* **Work instruction**
Please copy, exactly as they appear below, the lines from the one containing "m i <= n i]%N." through the one containing "ks_id : forall v, ks (kid v) = v;".
::: Dataset records :::
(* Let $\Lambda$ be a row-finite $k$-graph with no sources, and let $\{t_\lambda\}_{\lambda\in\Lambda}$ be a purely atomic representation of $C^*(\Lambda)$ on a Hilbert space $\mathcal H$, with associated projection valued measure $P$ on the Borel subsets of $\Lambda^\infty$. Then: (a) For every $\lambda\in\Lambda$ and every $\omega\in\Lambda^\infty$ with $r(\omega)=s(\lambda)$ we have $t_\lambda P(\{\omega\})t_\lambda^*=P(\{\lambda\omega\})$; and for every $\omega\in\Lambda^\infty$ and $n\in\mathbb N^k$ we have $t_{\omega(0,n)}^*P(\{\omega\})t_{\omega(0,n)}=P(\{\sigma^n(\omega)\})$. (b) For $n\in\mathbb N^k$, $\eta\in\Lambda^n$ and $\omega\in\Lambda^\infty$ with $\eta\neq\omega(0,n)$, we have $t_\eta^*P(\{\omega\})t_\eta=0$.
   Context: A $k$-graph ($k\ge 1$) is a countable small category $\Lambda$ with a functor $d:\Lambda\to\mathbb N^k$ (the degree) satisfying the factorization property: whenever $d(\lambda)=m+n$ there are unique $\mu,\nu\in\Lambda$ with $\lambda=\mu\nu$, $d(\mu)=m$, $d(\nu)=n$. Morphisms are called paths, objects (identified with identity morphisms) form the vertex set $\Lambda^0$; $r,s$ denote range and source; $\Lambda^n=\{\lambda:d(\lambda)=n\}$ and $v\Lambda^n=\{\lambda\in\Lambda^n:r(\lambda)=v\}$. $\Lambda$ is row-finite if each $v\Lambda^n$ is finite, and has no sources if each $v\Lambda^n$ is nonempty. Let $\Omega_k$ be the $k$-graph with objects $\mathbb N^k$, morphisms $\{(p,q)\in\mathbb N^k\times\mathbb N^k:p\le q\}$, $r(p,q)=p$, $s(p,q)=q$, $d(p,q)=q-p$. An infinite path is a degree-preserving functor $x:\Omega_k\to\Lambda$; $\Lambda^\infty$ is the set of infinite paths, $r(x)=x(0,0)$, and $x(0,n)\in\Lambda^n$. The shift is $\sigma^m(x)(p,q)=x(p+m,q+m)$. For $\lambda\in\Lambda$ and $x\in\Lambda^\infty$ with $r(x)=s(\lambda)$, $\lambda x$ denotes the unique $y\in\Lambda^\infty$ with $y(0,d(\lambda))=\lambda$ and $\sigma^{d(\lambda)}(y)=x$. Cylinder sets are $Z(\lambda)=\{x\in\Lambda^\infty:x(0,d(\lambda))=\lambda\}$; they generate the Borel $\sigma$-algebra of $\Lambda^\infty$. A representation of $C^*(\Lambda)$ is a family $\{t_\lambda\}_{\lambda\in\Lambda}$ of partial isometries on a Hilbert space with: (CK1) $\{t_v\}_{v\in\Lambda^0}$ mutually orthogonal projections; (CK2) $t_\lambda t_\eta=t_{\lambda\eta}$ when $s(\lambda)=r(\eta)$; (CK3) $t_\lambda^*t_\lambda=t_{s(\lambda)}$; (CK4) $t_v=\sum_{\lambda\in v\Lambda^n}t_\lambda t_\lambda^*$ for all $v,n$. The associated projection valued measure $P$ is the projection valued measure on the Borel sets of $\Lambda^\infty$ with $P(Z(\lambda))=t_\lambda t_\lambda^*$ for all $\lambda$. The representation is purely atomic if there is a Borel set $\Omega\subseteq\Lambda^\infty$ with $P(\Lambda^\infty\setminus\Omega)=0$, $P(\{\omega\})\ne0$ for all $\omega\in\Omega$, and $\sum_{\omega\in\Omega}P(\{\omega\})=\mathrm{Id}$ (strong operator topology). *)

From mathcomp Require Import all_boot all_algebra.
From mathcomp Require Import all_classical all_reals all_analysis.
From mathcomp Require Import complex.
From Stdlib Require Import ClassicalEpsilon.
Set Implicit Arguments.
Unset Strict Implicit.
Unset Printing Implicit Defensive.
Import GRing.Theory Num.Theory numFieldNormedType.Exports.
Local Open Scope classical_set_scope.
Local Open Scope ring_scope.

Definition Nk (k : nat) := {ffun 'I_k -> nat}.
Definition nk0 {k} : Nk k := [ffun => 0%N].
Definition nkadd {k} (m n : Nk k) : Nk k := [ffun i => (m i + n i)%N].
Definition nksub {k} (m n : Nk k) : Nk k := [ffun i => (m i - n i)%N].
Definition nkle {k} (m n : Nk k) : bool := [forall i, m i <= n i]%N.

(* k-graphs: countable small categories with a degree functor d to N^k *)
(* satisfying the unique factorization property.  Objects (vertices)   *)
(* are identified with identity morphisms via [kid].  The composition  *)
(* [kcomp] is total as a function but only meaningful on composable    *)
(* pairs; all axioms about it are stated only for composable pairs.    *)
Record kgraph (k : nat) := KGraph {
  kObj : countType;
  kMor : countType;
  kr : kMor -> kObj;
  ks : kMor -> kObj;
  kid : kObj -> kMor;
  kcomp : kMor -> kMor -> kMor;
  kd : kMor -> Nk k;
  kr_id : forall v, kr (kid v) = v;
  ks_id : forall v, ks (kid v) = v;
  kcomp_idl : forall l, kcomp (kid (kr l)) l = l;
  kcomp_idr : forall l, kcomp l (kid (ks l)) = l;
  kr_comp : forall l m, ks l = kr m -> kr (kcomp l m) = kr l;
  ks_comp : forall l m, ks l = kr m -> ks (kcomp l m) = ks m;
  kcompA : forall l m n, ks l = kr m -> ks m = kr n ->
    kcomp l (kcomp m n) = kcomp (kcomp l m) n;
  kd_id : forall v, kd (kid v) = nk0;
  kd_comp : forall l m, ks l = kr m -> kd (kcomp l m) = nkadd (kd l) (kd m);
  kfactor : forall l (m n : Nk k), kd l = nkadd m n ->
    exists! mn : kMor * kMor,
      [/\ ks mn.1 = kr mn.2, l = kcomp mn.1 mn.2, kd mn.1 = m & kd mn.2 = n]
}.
:::
* **Finished task**
Definition nkle {k} (m n : Nk k) : bool := [forall i, m i <= n i]%N.

(* k-graphs: countable small categories with a degree functor d to N^k *)
(* satisfying the unique factorization property.  Objects (vertices)   *)
(* are identified with identity morphisms via [kid].  The composition  *)
(* [kcomp] is total as a function but only meaningful on composable    *)
(* pairs; all axioms about it are stated only for composable pairs.    *)
Record kgraph (k : nat) := KGraph {
  kObj : countType;
  kMor : countType;
  kr : kMor -> kObj;
  ks : kMor -> kObj;
  kid : kObj -> kMor;
  kcomp : kMor -> kMor -> kMor;
  kd : kMor -> Nk k;
  kr_id : forall v, kr (kid v) = v;
  ks_id : forall v, ks (kid v) = v;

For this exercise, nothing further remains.